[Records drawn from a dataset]
(* Let $G$ be a finitely presented group given by a presentation $P=\langle x_1,\ldots,x_n\mid u_1^{m_1},\ldots,u_r^{m_r}\rangle$ with $n,m_i\ge 1$, where each $u_i$ is an element of the free group $F_n$ on $x_1,\ldots,x_n$ that is not a proper power in $F_n$. Let $\varphi:F_n\to G$ be the canonical map, $R_G$ the finite residual of $G$, and $k_i$ the order of $\varphi(u_i)R_G$ in $G/R_G$. Then there exist finite index normal subgroups $H$ of $G$ such that the order of $\varphi(u_i)H$ in $G/H$ is $k_i$ for all $1\le i\le r$. Moreover, every such $H$ satisfies \[def(H)\ge 1+|G:H|\,(rdef(P)-1),\qquad\text{where } rdef(P)=n-\sum_{i=1}^r\frac1{k_i}.\]
   Context: The finite residual $R_G$ of $G$ is the intersection of all finite index subgroups of $G$. The deficiency of a finite presentation $\langle X\mid R\rangle$ is $|X|-|R|$, and $def(H)$ is the supremum of deficiencies over all finite presentations of $H$. The quantity $rdef(P)$ is the residual deficiency of the presentation $P$ (each $k_i$ is finite since $u_i^{m_i}$ is trivial in $G$). *)

From mathcomp Require Import all_boot all_order all_algebra.
From Stdlib Require Import Relations.
Set Implicit Arguments. Unset Strict Implicit. Unset Printing Implicit Defensive.
Import GRing.Theory Num.Theory.

Record Grp := MkGrp {
  carrier :> Type;
  gmul : carrier -> carrier -> carrier;
  ginv : carrier -> carrier;
  gone : carrier;
  gmulA : forall x y z, gmul x (gmul y z) = gmul (gmul x y) z;
  gmul1 : forall x, gmul gone x = x;
  gmulV : forall x, gmul (ginv x) x = gone }.

Definition gpow (G : Grp) (x : G) (k : nat) : G := iter k (gmul x) (gone G).

(* Words in the free group F_n: letters (i, b), b = true meaning x_i^{-1}. *)
Definition letter (n : nat) := ('I_n * bool)%type.
Definition word (n : nat) := seq (letter n).
Definition linv n (l : letter n) : letter n := (l.1, ~~ l.2).
Definition winv n (w : word n) : word n := rev (map (@linv n) w).
Definition wpow n (w : word n) (k : nat) : word n := flatten (nseq k w).

(* one-step free reduction, and free equality (= equality in F_n) *)
Inductive red_step n : word n -> word n -> Prop :=
  | RedStep : forall (a b : word n) (l : letter n),
      red_step (a ++ [:: l; linv l] ++ b) (a ++ b).
Definition freeq n : relation (word n) := clos_refl_sym_trans _ (@red_step n).

Definition proper_power n (u : word n) : Prop :=
  exists (v : word n) (k : nat), 2 <= k /\ freeq u (wpow v k).

Inductive in_ncl n (R : seq (word n)) : word n -> Prop :=
  | ncl_nil : in_ncl R [::]
  | ncl_conj : forall v r w, r \in R -> in_ncl R w ->
      in_ncl R (v ++ r ++ winv v ++ w)
  | ncl_conjV : forall v r w, r \in R -> in_ncl R w ->
      in_ncl R (v ++ winv r ++ winv v ++ w)
  | ncl_freeq : forall w w', freeq w w' -> in_ncl R w -> in_ncl R w'.

Definition eval (G : Grp) n (g : 'I_n -> G) (w : word n) : G :=
  foldr (fun l acc => gmul (if l.2 then ginv (g l.1) else g l.1) acc) (gone G) w.

Definition subgroup (G : Grp) (H : G -> Prop) : Prop :=
  H (gone G) /\ (forall x y, H x -> H y -> H (gmul x y)) /\
  (forall x, H x -> H (ginv x)).
Definition normal_subgroup (G : Grp) (H : G -> Prop) : Prop :=
  subgroup H /\ forall x y, H x -> H (gmul (ginv y) (gmul x y)).

Definition index_is (G : Grp) (H : G -> Prop) (d : nat) : Prop :=
  exists s : 'I_d -> G,
    (forall x, exists j, H (gmul (ginv (s j)) x)) /\
    (forall j j', H (gmul (ginv (s j)) (s j')) -> j = j').
Definition finite_index (G : Grp) (H : G -> Prop) : Prop :=
  subgroup H /\ exists d, index_is H d.

Definition finite_residual (G : Grp) : G -> Prop :=
  fun x => forall K : G -> Prop, finite_index K -> K x.

Definition order_mod (G : Grp) (N : G -> Prop) (x : G) (k : nat) : Prop :=
  0 < k /\ N (gpow x k) /\ forall j, 0 < j < k -> ~ N (gpow x j).

Definition presents (G : Grp) n (g : 'I_n -> G) (R : seq (word n)) : Prop :=
  (forall x : G, exists w, eval g w = x) /\
  (forall w, eval g w = gone G <-> in_ncl R w).

Definition presents_sub (G : Grp) (H : G -> Prop) m (h : 'I_m -> G)
    (R : seq (word m)) : Prop :=
  (forall j, H (h j)) /\
  (forall x : G, H x -> exists w, eval h w = x) /\
  (forall w, eval h w = gone G <-> in_ncl R w).

(* def(H) >= c, where def(H) is the supremum of |X| - |R| over all finite
   presentations <X | R> of H *)
Definition deficiency_ge (G : Grp) (H : G -> Prop) (c : rat) : Prop :=
  forall e : rat, (0 < e)%R ->
    exists m (h : 'I_m -> G) (R : seq (word m)),
      presents_sub H h R /\ (c - e < m%:R - (size R)%:R :> rat)%R.

Definition relators n r (u : 'I_r -> word n) (mm : 'I_r -> nat) : seq (word n) :=
  [seq wpow (u i) (mm i) | i <- enum 'I_r].

(* Existence: by definition of R_G, each of the finitely many elements u_i^j,
   0 < j < k_i, lies outside some finite-index subgroup; the intersection of
   the normal cores of these subgroups is a finite-index normal subgroup modulo
   which every u_i still has order k_i.
   Deficiency: if H is normal of index d, Reidemeister-Schreier presents H on
   the d n Schreier generators, with the d - 1 rewritten transversal words and
   the rewritten relators tau_t(u_i^m_i) for every coset t. Since u_i has order
   k_i modulo H, the cosets split into d / k_i orbits of <u_i> of size k_i, and
   the rewritten relators along an orbit are conjugate to each other, so one
   per orbit suffices: def(H) >= d n - (d - 1) - d (sum_i 1/k_i). *)

From mathcomp Require Import all_boot all_order all_algebra.
From mathcomp Require Import lra.
From Stdlib Require Import Relations.
From mathcomp Require Import boolp.
Set Implicit Arguments. Unset Strict Implicit. Unset Printing Implicit Defensive.
Import GRing.Theory Num.Theory.

Section GroupTheory.
Variable G : Grp.
Local Notation "x * y" := (gmul x y).
Local Notation "1" := (gone G).
Local Notation "x ^-1" := (ginv x).

Lemma gmulrV (x : G) : x * x^-1 = 1.
Proof.
rewrite -[x * x^-1]gmul1 -{1}(gmulV (x^-1)) -gmulA [x^-1 * (x * x^-1)]gmulA gmulV gmul1.
by rewrite gmulV.
Qed.

Lemma gmulr1 (x : G) : x * 1 = x.
Proof. by rewrite -(gmulV x) gmulA gmulrV gmul1. Qed.

Lemma gmulK (x y : G) : x^-1 * (x * y) = y.
Proof. by rewrite gmulA gmulV gmul1. Qed.

Lemma gmulVK (x y : G) : x * (x^-1 * y) = y.
Proof. by rewrite gmulA gmulrV gmul1. Qed.

Lemma gmulI (x y z : G) : x * y = x * z -> y = z.
Proof. by move=> e; rewrite -(gmulK x y) e gmulK. Qed.

Lemma ginvK (x : G) : (x^-1)^-1 = x.
Proof. by apply: (@gmulI (x^-1)); rewrite gmulrV gmulV. Qed.

Lemma ginv1 : (1 : G)^-1 = 1.
Proof. by rewrite -{2}(gmulV 1) gmulr1. Qed.

Lemma ginvM (x y : G) : (x * y)^-1 = y^-1 * x^-1.
Proof.
apply: (@gmulI (x * y)); rewrite gmulrV -gmulA [y * (y^-1 * x^-1)]gmulA gmulrV gmul1.
by rewrite gmulrV.
Qed.

End GroupTheory.

Section NormalSubgroup.
Variables (G : Grp) (H : G -> Prop).
Hypothesis hN : normal_subgroup H.

Lemma nsg1 : H (gone G). Proof. by case: hN => [[]]. Qed.

Lemma nsgM x y : H x -> H y -> H (gmul x y).
Proof. by case: hN => [[_ []]]; auto. Qed.

Lemma nsgV x : H x -> H (ginv x).
Proof. by case: hN => [[_ []]]; auto. Qed.

Lemma nsgJ x y : H x -> H (gmul (ginv y) (gmul x y)).
Proof. by case: hN => _; auto. Qed.

Lemma nsgJV x y : H x -> H (gmul y (gmul x (ginv y))).
Proof. by move=> hx; have := nsgJ (ginv y) hx; rewrite ginvK. Qed.

Lemma nsgVE x : H (ginv x) -> H x.
Proof. by move=> h; have := nsgV h; rewrite ginvK. Qed.

End NormalSubgroup.

Section FreeWords.
Variable n : nat.
Implicit Types (a b c v w : word n) (l : letter n).

Lemma linvK l : linv (linv l) = l.
Proof. by case: l => x []. Qed.

Lemma winv_cat a b : winv (a ++ b) = winv b ++ winv a.
Proof. by rewrite /winv map_cat rev_cat. Qed.

Lemma winv_cons l w : winv (l :: w) = winv w ++ [:: linv l].
Proof. by rewrite /winv /= rev_cons -cats1. Qed.

Lemma winvK w : winv (winv w) = w.
Proof.
rewrite /winv map_rev -map_comp (eq_map (g := id)) ?map_id ?revK // => l /=.
by rewrite linvK.
Qed.

Lemma wpowD w i j : wpow w (i + j) = wpow w i ++ wpow w j.
Proof. by rewrite /wpow nseqD flatten_cat. Qed.

Lemma wpowC w i j : wpow w i ++ wpow w j = wpow w j ++ wpow w i.
Proof. by rewrite -!wpowD addnC. Qed.

Lemma red_step_ctx c d a a' :
  red_step a a' -> red_step (c ++ a ++ d) (c ++ a' ++ d).
Proof.
case=> x y l.
have -> : c ++ (x ++ [:: l; linv l] ++ y) ++ d = (c ++ x) ++ [:: l; linv l] ++ (y ++ d).
  by rewrite !catA.
have -> : c ++ (x ++ y) ++ d = (c ++ x) ++ (y ++ d) by rewrite !catA.
exact: RedStep.
Qed.

Lemma freeq_ctx c d a a' : freeq a a' -> freeq (c ++ a ++ d) (c ++ a' ++ d).
Proof.
elim=> [x y r|x|x y _ IH|x y z _ IH1 _ IH2].
- by apply: rst_step; apply: red_step_ctx.
- exact: rst_refl.
- exact: rst_sym.
- exact: rst_trans IH1 IH2.
Qed.

Lemma freeq_catl c a a' : freeq a a' -> freeq (c ++ a) (c ++ a').
Proof. by move=> h; have := freeq_ctx c [::] h; rewrite !cats0. Qed.

Lemma freeq_catr d a a' : freeq a a' -> freeq (a ++ d) (a' ++ d).
Proof. by move=> h; have := freeq_ctx [::] d h. Qed.

Lemma freeq_winvl v : freeq (winv v ++ v) [::].
Proof.
elim: v => [|l v IH] /=; first exact: rst_refl.
rewrite winv_cons -catA; apply: rst_trans IH.
have -> : [:: linv l] ++ l :: v = [:: linv l; linv (linv l)] ++ v by rewrite linvK.
by apply: rst_step; apply: (RedStep (winv v)).
Qed.

Lemma freeq_winvr v : freeq (v ++ winv v) [::].
Proof. by have := freeq_winvl (winv v); rewrite winvK. Qed.

Lemma freeq_winvK a b : freeq (winv a ++ a ++ b) b.
Proof. by rewrite catA; apply: freeq_catr (freeq_winvl a). Qed.

Lemma red_step_winv a b : red_step a b -> red_step (winv a) (winv b).
Proof.
case=> x y l; rewrite !winv_cat.
have -> : winv [:: l; linv l] = [:: l; linv l] by rewrite /winv /= linvK.
by rewrite -catA; apply: RedStep.
Qed.

Lemma freeq_winv a b : freeq a b -> freeq (winv a) (winv b).
Proof.
elim=> [x y r|x|x y _ IH|x y z _ IH1 _ IH2].
- by apply: rst_step; apply: red_step_winv.
- exact: rst_refl.
- exact: rst_sym.
- exact: rst_trans IH1 IH2.
Qed.

Variable R : seq (word n).

Lemma ncl_mem r : r \in R -> in_ncl R r.
Proof. by move=> rR; have := ncl_conj [::] rR (ncl_nil R); rewrite /= cats0. Qed.

Lemma ncl_cat a b : in_ncl R a -> in_ncl R b -> in_ncl R (a ++ b).
Proof.
move=> ha hb; elim: ha => [|v r w rR _ IH|v r w rR _ IH|w w' e _ IH] //.
- by rewrite -!catA; apply: ncl_conj.
- by rewrite -!catA; apply: ncl_conjV.
- by apply: ncl_freeq IH; apply: freeq_catr.
Qed.

Lemma ncl_conjw c a : in_ncl R a -> in_ncl R (c ++ a ++ winv c).
Proof.
elim=> [|v r w rR _ IH|v r w rR _ IH|w w' e _ IH].
- by apply: ncl_freeq (ncl_nil R); apply: rst_sym; apply: freeq_winvr.
- apply: ncl_freeq (ncl_conj (c ++ v) rR IH); rewrite winv_cat -!catA.
  by do 4 apply: freeq_catl; apply: freeq_winvK.
- apply: ncl_freeq (ncl_conjV (c ++ v) rR IH); rewrite winv_cat -!catA.
  by do 4 apply: freeq_catl; apply: freeq_winvK.
- by apply: ncl_freeq IH; apply: freeq_catl; apply: freeq_catr.
Qed.

Lemma ncl_winv a : in_ncl R a -> in_ncl R (winv a).
Proof.
elim=> [|v r w rR _ IH|v r w rR _ IH|w w' e _ IH].
- exact: ncl_nil.
- rewrite !winv_cat winvK -!catA; apply: ncl_cat IH _.
  by have := ncl_conjV v rR (ncl_nil R); rewrite cats0.
- rewrite !winv_cat !winvK -!catA; apply: ncl_cat IH _.
  by have := ncl_conj v rR (ncl_nil R); rewrite cats0.
- by apply: ncl_freeq IH; apply: freeq_winv.
Qed.

End FreeWords.

Section Evaluation.
Variables (G : Grp) (n : nat) (g : 'I_n -> G).
Implicit Types (a b w : word n) (l : letter n).

Lemma eval_cat a b : eval g (a ++ b) = gmul (eval g a) (eval g b).
Proof. by elim: a => [|l a IH] /=; rewrite ?gmul1 // IH gmulA. Qed.

Lemma eval_cons l w : eval g (l :: w) = gmul (eval g [:: l]) (eval g w).
Proof. by rewrite /= gmulr1. Qed.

» Goal of the exercise:
Show every line of the data that includes the string "Local".

» Task result:
Local Notation "x * y" := (gmul x y).
Local Notation "1" := (gone G).
Local Notation "x ^-1" := (ginv x).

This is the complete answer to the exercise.